**What the task asks**
For this exercise, return exactly the lines of the material below that begin at the one with "(* Let $k$ be" and stop after the one with "iter n (ideal_mul".

**Listed entries**
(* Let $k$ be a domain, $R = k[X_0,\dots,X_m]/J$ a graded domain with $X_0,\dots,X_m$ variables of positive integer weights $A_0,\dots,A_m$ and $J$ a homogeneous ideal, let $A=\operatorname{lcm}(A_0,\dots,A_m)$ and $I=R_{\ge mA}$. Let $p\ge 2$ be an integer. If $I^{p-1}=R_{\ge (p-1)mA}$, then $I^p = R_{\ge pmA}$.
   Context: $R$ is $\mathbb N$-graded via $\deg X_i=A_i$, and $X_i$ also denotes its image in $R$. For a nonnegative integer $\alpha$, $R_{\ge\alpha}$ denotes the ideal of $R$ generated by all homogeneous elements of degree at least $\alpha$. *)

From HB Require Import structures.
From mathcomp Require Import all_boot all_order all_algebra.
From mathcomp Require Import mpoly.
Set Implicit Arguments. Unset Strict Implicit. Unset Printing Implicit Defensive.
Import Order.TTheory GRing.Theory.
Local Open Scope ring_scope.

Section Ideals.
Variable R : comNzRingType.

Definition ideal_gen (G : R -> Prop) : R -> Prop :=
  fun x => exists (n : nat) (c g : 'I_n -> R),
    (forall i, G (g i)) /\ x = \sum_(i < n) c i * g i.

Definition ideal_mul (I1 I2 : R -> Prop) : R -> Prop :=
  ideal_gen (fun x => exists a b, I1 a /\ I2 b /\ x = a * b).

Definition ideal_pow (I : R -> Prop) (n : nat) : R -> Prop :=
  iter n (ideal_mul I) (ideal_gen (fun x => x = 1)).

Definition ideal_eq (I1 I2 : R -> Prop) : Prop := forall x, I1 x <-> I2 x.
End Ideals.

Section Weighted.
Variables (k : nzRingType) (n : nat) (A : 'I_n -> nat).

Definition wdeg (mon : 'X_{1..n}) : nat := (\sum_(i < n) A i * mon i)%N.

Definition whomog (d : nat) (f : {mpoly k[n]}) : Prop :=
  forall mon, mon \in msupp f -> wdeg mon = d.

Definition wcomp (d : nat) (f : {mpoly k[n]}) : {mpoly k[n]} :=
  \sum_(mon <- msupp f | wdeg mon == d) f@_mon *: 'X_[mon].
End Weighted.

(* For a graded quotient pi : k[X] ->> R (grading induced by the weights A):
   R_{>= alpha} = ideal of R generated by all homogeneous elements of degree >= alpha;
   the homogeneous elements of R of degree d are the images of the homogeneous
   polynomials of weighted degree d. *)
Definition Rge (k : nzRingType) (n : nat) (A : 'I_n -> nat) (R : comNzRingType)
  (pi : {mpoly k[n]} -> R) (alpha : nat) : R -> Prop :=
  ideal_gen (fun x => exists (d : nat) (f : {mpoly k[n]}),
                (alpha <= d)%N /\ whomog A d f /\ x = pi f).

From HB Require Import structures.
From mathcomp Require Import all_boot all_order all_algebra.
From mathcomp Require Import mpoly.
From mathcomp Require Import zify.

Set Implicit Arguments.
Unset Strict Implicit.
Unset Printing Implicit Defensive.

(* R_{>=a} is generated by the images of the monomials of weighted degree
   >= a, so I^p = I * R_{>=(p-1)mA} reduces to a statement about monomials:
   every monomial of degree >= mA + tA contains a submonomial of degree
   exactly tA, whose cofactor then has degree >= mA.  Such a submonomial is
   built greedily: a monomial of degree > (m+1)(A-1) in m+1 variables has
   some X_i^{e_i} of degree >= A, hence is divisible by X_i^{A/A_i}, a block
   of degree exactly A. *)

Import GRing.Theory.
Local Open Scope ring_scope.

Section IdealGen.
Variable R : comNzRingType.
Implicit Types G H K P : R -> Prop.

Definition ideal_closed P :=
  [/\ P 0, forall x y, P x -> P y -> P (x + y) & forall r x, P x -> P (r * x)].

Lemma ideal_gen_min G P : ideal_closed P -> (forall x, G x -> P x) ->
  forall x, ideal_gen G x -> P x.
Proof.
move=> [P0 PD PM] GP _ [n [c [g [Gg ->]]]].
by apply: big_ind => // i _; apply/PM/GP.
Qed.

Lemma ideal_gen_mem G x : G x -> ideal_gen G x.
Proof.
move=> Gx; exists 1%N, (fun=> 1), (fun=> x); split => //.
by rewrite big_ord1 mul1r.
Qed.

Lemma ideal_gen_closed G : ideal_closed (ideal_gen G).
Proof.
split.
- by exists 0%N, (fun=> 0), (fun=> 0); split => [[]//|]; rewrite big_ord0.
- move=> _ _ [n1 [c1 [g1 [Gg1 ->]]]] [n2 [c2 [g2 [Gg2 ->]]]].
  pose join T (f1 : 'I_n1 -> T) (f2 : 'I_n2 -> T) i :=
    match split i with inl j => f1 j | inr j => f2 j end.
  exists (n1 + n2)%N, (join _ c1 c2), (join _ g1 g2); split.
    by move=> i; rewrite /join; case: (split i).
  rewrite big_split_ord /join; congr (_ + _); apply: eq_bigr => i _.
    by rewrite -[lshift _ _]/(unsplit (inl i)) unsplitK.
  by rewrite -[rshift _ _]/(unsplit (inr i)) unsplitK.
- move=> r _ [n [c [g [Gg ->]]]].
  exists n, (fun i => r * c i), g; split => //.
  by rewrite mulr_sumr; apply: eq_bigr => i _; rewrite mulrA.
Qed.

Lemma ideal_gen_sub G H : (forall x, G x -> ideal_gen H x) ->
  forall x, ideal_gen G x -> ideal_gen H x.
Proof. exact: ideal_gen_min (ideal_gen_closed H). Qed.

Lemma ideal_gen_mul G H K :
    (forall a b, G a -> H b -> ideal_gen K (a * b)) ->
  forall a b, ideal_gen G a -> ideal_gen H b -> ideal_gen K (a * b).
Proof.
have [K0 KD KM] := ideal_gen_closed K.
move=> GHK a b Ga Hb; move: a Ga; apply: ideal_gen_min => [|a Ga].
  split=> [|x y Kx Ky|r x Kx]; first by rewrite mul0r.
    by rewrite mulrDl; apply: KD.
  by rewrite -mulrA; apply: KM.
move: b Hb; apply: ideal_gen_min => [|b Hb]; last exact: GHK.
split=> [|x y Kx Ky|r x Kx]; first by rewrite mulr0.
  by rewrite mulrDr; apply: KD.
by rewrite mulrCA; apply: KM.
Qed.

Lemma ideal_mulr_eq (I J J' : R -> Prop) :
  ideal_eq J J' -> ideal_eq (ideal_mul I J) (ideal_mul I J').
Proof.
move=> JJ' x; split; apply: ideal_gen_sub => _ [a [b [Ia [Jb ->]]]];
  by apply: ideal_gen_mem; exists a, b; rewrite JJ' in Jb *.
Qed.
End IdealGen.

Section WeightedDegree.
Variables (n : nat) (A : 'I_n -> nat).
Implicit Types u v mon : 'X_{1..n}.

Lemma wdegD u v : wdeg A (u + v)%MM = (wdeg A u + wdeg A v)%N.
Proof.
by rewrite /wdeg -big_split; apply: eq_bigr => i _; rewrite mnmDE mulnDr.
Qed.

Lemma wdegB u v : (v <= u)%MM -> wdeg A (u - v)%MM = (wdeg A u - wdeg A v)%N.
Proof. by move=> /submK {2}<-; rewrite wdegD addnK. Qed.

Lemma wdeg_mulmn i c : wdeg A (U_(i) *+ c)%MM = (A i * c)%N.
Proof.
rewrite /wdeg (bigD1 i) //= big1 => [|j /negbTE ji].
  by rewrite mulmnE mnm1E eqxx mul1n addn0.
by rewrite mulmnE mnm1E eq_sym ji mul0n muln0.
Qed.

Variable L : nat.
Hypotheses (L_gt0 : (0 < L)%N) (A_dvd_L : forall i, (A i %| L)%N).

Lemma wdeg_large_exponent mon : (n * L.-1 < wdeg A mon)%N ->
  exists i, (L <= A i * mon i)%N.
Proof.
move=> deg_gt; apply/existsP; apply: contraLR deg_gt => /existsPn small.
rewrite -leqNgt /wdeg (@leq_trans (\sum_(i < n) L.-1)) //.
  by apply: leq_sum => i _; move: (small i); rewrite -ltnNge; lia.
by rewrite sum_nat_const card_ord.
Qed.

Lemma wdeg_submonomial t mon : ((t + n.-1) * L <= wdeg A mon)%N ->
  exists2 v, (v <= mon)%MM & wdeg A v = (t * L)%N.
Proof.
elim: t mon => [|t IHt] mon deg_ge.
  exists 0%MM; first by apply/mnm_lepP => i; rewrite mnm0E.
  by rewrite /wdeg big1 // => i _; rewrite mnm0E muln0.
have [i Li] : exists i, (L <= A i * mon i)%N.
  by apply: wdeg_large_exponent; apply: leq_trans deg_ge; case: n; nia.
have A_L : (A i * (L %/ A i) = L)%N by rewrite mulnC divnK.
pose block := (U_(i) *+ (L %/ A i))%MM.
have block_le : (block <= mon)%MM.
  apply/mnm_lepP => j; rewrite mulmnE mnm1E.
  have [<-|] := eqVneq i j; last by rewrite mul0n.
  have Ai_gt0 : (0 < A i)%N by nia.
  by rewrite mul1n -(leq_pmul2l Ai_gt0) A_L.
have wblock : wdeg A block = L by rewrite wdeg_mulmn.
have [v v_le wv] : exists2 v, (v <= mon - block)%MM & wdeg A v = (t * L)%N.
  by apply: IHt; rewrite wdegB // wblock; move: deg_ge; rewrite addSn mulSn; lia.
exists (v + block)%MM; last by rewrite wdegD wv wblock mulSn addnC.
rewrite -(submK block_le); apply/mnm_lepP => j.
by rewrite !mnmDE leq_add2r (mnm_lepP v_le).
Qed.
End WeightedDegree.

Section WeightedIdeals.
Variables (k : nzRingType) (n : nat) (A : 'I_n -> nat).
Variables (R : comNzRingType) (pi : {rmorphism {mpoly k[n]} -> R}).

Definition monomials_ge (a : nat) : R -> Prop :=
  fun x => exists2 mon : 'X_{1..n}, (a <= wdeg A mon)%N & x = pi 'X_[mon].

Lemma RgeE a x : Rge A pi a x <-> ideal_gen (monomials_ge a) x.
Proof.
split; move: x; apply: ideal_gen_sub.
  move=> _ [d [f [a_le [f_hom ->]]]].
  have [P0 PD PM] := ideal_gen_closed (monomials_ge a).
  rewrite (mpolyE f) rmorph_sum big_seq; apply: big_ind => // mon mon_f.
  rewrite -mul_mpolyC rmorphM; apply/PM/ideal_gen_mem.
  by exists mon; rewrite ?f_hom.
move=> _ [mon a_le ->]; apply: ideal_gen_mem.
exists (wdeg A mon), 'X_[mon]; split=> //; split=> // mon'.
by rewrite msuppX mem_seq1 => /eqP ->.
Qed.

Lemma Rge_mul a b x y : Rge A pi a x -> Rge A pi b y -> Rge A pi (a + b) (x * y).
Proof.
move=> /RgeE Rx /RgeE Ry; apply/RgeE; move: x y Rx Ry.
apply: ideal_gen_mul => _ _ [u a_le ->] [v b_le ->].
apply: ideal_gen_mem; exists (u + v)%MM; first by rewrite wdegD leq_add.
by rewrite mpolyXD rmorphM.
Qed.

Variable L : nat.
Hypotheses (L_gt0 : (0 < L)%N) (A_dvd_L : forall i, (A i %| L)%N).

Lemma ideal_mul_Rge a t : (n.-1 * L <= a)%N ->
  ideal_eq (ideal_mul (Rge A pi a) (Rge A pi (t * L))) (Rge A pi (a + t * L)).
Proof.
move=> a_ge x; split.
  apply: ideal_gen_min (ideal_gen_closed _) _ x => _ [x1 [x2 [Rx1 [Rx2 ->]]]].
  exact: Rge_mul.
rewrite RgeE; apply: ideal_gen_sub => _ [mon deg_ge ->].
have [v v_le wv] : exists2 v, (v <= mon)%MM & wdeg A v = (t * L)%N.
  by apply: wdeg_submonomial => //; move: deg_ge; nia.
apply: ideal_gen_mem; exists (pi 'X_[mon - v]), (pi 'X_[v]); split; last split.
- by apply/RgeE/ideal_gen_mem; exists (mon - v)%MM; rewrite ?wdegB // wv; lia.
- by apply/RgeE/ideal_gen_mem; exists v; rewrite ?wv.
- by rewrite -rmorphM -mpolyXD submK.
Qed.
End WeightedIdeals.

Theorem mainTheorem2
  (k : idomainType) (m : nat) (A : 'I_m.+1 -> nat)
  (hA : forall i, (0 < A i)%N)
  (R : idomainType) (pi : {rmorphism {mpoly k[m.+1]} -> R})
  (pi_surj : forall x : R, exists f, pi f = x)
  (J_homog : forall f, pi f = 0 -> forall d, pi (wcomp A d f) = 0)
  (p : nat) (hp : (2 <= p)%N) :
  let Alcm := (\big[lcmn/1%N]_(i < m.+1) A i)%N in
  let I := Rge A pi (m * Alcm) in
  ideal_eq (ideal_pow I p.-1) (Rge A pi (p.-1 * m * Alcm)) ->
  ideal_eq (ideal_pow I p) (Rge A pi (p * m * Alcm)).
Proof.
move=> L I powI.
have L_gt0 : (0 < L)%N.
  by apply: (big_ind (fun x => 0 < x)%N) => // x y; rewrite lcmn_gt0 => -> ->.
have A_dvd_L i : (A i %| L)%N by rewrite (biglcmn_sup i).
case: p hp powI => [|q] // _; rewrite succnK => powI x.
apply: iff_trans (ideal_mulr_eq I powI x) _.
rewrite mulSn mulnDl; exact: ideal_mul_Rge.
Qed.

* * *

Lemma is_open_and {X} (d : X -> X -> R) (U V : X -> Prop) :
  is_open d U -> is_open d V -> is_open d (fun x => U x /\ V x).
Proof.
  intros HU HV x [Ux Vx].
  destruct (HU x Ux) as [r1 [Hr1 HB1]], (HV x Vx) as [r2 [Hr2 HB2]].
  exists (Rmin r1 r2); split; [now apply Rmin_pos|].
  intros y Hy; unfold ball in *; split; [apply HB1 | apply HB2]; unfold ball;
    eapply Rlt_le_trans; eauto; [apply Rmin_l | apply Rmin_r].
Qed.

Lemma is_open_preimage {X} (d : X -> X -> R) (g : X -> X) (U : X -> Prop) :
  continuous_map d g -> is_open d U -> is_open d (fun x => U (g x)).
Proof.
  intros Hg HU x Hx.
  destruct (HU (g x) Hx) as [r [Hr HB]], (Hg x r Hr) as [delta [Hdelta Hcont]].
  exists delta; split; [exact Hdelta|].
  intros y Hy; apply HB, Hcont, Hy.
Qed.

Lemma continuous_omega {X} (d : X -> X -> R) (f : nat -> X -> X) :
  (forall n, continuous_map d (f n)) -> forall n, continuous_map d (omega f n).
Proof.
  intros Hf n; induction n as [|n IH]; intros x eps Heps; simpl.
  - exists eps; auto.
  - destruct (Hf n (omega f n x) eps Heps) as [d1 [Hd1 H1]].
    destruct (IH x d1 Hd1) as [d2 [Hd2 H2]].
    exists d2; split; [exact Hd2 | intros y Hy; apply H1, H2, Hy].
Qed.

**Solution for this exercise**
(* Let $k$ be a domain, $R = k[X_0,\dots,X_m]/J$ a graded domain with $X_0,\dots,X_m$ variables of positive integer weights $A_0,\dots,A_m$ and $J$ a homogeneous ideal, let $A=\operatorname{lcm}(A_0,\dots,A_m)$ and $I=R_{\ge mA}$. Let $p\ge 2$ be an integer. If $I^{p-1}=R_{\ge (p-1)mA}$, then $I^p = R_{\ge pmA}$.
   Context: $R$ is $\mathbb N$-graded via $\deg X_i=A_i$, and $X_i$ also denotes its image in $R$. For a nonnegative integer $\alpha$, $R_{\ge\alpha}$ denotes the ideal of $R$ generated by all homogeneous elements of degree at least $\alpha$. *)

From HB Require Import structures.
From mathcomp Require Import all_boot all_order all_algebra.
From mathcomp Require Import mpoly.
Set Implicit Arguments. Unset Strict Implicit. Unset Printing Implicit Defensive.
Import Order.TTheory GRing.Theory.
Local Open Scope ring_scope.

Section Ideals.
Variable R : comNzRingType.

Definition ideal_gen (G : R -> Prop) : R -> Prop :=
  fun x => exists (n : nat) (c g : 'I_n -> R),
    (forall i, G (g i)) /\ x = \sum_(i < n) c i * g i.

Definition ideal_mul (I1 I2 : R -> Prop) : R -> Prop :=
  ideal_gen (fun x => exists a b, I1 a /\ I2 b /\ x = a * b).

Definition ideal_pow (I : R -> Prop) (n : nat) : R -> Prop :=
  iter n (ideal_mul I) (ideal_gen (fun x => x = 1)).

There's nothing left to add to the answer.